EXERCISE AIM: Your task is to write out exactly the lines of the listing below, from the first down to the line that holds "by rewrite -scaleN1r".
━━━━━━━━━━━━━━━━━━━━
Lemma graph_adjoin_functional G x1 (c : R) : linear_graph_below G ->
  (forall a, G (x1, a) -> a = c) ->
  forall x a b, graph_adjoin G x1 c (x, a) -> graph_adjoin G x1 c (x, b) -> a = b.
Proof.
move=> [_ Gf GD GZ _] Gx1 _ _ _ [x [a [t [Gx [-> ->]]]]] [y [b [t' [Gy [e ->]]]]].
have [tt'|tt'] := eqVneq t t'.
  by subst t'; move/addIr: e => exy; subst y; rewrite (Gf _ _ _ Gx Gy).
have Gyx : G (y - x, b - a).
  by rewrite -scaleN1r -[- a]mulN1r; apply: GD => //; exact: GZ.
have ex1 : x1 = (t - t')^-1 *: (y - x).
  apply: (@scalerI _ _ (t - t')); first by rewrite subr_eq0.
  rewrite scalerA mulfV ?subr_eq0 // scale1r scalerBl.
  by apply/eqP; rewrite subr_eq addrAC -e addrAC subrr add0r.
have := GZ (t - t')^-1 _ _ Gyx; rewrite -ex1 => /Gx1 <-.
by field; rewrite subr_eq0.
Qed.

Lemma graph_adjoin_below G x1 (c : R) : linear_graph_below G ->
  (forall x a, G (x, a) -> a - p (x - x1) <= c) ->
  (forall y b, G (y, b) -> c <= p (y + x1) - b) ->
  forall x a, graph_adjoin G x1 c (x, a) -> a <= p x.
Proof.
move=> [_ _ _ GZ Gp] clo chi _ _ [x [a [t [Gx [-> ->]]]]].
have [t0|t0|->] := ltgtP t 0; last by rewrite scale0r mul0r !addr0; exact: Gp.
- have nt0 : 0 < - t by rewrite oppr_gt0.
  have := clo _ _ (GZ (- t)^-1 _ _ Gx).
  have -> : (- t)^-1 *: x - x1 = (- t)^-1 *: (x + t *: x1).
    by rewrite scalerDr scalerA invrN mulNr mulVf ?lt_eqF // scaleN1r.
  rewrite p_hom ?invr_gt0 // => /(ler_wpM2l (ltW nt0)).
  by rewrite mulrBr !mulrA mulfV ?gt_eqF // !mul1r; lra.
- have := chi _ _ (GZ t^-1 _ _ Gx).
  have -> : t^-1 *: x + x1 = t^-1 *: (x + t *: x1).
    by rewrite scalerDr scalerA mulVf ?gt_eqF // scale1r.
  rewrite p_hom ?invr_gt0 // => /(ler_wpM2l (ltW t0)).
  by rewrite mulrBr !mulrA mulfV ?gt_eqF // !mul1r; lra.
Qed.

Lemma graph_adjoin_linear G x1 (c : R) : linear_graph_below G ->
  (forall a, G (x1, a) -> a = c) ->
  (forall x a, G (x, a) -> a - p (x - x1) <= c) ->
  (forall y b, G (y, b) -> c <= p (y + x1) - b) ->
  linear_graph_below (graph_adjoin G x1 c).
Proof.
move=> GL Gx1 clo chi; have [G0 _ GD GZ _] := GL; split.
- exact: graph_adjoin_sub.
- exact: graph_adjoin_functional.
- move=> _ _ _ _ [x [a [t [Gx [-> ->]]]]] [y [b [t' [Gy [-> ->]]]]].
  exists (x + y), (a + b), (t + t'); split; first exact: GD.
  by rewrite scalerDl mulrDl; congr pair; exact: addrACA.
- move=> l _ _ [x [a [t [Gx [-> ->]]]]].
  exists (l *: x), (l * a), (l * t); split; first exact: GZ.
  by rewrite scalerDr scalerA mulrDr mulrA.
- exact: graph_adjoin_below.
Qed.

Lemma graph_extend G x1 : linear_graph_below G -> ~ (exists a, G (x1, a)) ->
  exists c, linear_graph_below (graph_adjoin G x1 c).
Proof.
move=> GL Gx1; have [G0 _ GD _ Gp] := GL.
pose S := [set xa.2 - p (xa.1 - x1) | xa in G].
have ubS y b : G (y, b) -> ubound S (p (y + x1) - b).
  move=> Gy _ [[x a] Gx <-] /=.
  have := Gp _ _ (GD _ _ _ _ Gx Gy); have := p_add (x - x1) (y + x1).
  by rewrite addrACA addNr addr0; lra.
have S0 : S !=set0 by exists (0 - p (0 - x1)), (0, 0).
have supS : has_sup S by split => //; exists (p (0 + x1) - 0); exact: ubS.
exists (sup S); apply: graph_adjoin_linear => //.
- by move=> a Ga; exfalso; apply: Gx1; exists a.
- by move=> x a Gx; apply: sup_upper_bound => //; exists (x, a).
- by move=> y b Gy; apply: ge_sup => //; exact: ubS.
Qed.

Lemma linear_graph_point : linear_graph_below [set (0, 0)].
Proof.
split=> //.
- by move=> x a b [_ ->] [_ ->].
- by move=> x y a b [-> ->] [-> ->]; rewrite !addr0.
- by move=> l x a [-> ->]; rewrite scaler0 mulr0.
- by move=> x a [-> ->]; rewrite sublinear0.
Qed.

Lemma linear_graph_bigcup (I : Type) (A : set I) (G : I -> set (X * R)) :
  A !=set0 -> (forall i, A i -> linear_graph_below (G i)) ->
  (forall i j, A i -> A j -> G i `<=` G j \/ G j `<=` G i) ->
  linear_graph_below (\bigcup_(i in A) G i).
Proof.
move=> [i0 Ai0] GL Gtot.
have common z1 z2 : (\bigcup_(i in A) G i) z1 -> (\bigcup_(i in A) G i) z2 ->
    exists2 i, A i & G i z1 /\ G i z2.
  move=> [i Ai Gz1] [j Aj Gz2].
  have [ij|ji] := Gtot _ _ Ai Aj; first by exists j => //; split => //; exact: ij.
  by exists i => //; split => //; exact: ji.
split.
- by exists i0 => //; case: (GL _ Ai0).
- move=> x a b Ga Gb; have [i Ai [{}Ga {}Gb]] := common _ _ Ga Gb.
  by have [_ Gf _ _ _] := GL _ Ai; exact: Gf Ga Gb.
- move=> x y a b Ga Gb; have [i Ai [{}Ga {}Gb]] := common _ _ Ga Gb.
  by have [_ _ GD _ _] := GL _ Ai; exists i => //; exact: GD.
- by move=> l x a [i Ai Ga]; have [_ _ _ GZ _] := GL _ Ai; exists i => //; exact: GZ.
- by move=> x a [i Ai Ga]; have [_ _ _ _ Gp] := GL _ Ai; exact: Gp.
Qed.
━━━━━━━━━━━━━━━━━━━━
ANSWER SECTION:
Lemma graph_adjoin_functional G x1 (c : R) : linear_graph_below G ->
  (forall a, G (x1, a) -> a = c) ->
  forall x a b, graph_adjoin G x1 c (x, a) -> graph_adjoin G x1 c (x, b) -> a = b.
Proof.
move=> [_ Gf GD GZ _] Gx1 _ _ _ [x [a [t [Gx [-> ->]]]]] [y [b [t' [Gy [e ->]]]]].
have [tt'|tt'] := eqVneq t t'.
  by subst t'; move/addIr: e => exy; subst y; rewrite (Gf _ _ _ Gx Gy).
have Gyx : G (y - x, b - a).
  by rewrite -scaleN1r -[- a]mulN1r; apply: GD => //; exact: GZ.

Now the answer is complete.